Saved entries:

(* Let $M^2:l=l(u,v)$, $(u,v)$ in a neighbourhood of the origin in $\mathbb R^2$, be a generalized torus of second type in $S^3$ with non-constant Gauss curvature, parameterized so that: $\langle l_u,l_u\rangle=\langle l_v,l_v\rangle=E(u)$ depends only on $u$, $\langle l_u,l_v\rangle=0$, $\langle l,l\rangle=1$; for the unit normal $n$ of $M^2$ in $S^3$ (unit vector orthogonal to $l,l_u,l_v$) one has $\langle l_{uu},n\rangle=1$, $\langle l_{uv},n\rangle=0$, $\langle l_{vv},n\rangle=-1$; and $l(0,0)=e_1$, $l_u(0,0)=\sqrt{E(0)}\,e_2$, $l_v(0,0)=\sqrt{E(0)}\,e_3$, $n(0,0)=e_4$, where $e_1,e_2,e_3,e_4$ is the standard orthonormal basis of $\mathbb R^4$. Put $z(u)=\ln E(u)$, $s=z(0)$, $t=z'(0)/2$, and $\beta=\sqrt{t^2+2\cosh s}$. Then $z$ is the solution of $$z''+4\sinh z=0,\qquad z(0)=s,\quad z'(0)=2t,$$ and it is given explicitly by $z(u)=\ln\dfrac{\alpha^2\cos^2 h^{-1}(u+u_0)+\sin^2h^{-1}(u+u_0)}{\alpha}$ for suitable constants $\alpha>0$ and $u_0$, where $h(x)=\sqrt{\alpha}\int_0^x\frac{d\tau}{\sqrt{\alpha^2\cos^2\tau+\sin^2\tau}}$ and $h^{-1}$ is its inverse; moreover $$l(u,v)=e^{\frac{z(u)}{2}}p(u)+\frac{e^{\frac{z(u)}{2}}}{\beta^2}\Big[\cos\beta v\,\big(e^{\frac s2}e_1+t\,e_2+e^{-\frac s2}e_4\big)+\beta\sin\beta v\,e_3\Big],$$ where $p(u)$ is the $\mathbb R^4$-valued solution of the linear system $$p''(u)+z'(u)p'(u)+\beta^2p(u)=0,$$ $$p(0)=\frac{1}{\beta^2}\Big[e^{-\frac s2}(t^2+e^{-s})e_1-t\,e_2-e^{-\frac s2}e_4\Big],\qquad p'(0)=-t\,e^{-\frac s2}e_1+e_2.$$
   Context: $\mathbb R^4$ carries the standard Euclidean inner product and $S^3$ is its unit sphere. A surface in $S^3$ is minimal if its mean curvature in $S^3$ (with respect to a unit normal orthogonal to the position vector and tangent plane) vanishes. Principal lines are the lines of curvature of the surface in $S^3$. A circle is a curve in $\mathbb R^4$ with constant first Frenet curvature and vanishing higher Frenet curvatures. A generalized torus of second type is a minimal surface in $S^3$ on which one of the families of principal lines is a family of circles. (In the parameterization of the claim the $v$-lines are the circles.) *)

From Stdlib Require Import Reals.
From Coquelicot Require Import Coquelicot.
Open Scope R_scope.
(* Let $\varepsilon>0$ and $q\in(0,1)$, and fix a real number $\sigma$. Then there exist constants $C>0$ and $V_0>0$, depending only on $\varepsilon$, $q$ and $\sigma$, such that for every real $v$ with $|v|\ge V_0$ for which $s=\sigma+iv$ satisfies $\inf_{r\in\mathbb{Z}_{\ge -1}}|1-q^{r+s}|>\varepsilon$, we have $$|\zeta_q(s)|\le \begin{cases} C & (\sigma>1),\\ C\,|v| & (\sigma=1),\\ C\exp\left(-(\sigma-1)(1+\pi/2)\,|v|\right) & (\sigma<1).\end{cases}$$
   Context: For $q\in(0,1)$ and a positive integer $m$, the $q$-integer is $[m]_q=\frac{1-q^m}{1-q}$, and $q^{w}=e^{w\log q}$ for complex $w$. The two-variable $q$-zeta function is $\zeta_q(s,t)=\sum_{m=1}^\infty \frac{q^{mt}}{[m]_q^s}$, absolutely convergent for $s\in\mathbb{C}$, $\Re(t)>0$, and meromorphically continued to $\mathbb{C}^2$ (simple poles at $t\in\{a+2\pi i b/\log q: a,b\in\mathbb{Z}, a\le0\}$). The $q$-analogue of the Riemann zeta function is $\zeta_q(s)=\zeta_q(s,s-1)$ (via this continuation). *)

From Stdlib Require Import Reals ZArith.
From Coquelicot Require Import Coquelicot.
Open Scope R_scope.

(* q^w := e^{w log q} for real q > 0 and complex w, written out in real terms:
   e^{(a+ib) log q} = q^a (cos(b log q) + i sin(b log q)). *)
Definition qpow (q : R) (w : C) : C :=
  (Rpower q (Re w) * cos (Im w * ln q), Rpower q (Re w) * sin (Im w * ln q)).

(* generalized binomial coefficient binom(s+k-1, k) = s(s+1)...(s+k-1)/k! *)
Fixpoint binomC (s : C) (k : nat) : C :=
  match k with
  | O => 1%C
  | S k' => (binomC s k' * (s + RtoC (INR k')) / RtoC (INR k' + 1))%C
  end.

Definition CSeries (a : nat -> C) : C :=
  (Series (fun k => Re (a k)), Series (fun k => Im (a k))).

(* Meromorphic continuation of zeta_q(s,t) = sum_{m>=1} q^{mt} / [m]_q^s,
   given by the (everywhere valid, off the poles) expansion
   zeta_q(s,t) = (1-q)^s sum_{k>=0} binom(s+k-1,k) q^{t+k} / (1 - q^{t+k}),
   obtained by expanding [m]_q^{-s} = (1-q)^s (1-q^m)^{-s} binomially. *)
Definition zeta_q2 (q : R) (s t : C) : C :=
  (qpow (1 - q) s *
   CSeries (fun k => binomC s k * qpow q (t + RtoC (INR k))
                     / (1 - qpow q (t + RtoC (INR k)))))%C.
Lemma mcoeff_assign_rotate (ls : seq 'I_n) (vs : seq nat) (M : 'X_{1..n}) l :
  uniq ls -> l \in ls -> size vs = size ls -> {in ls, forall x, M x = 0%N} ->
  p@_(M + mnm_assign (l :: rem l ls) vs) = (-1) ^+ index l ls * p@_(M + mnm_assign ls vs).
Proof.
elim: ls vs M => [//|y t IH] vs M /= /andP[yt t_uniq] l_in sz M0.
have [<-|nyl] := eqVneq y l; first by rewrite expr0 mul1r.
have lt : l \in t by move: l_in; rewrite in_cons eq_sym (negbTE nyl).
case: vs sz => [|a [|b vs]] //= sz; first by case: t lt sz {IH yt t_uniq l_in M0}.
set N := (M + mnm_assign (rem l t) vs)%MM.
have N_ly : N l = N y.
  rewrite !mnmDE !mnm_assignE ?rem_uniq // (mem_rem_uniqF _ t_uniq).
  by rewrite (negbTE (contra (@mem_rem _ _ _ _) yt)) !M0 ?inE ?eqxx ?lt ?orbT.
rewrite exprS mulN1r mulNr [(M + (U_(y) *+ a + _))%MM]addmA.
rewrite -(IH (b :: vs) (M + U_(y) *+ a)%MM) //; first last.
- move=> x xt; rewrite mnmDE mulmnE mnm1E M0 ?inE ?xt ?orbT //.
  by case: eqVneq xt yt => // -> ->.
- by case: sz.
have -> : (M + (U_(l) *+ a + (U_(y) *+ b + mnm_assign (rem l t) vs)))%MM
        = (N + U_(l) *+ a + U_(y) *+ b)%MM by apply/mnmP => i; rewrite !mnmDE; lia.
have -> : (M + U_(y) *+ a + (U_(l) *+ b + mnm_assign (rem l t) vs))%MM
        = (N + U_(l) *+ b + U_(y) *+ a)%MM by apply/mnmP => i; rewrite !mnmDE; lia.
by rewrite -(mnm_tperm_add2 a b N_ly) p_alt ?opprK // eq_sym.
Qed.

Problem to work on :: Lines in the records above that carry the word "apply" are to be located and copied.

Response area ::
        = (N + U_(l) *+ a + U_(y) *+ b)%MM by apply/mnmP => i; rewrite !mnmDE; lia.
        = (N + U_(l) *+ b + U_(y) *+ a)%MM by apply/mnmP => i; rewrite !mnmDE; lia.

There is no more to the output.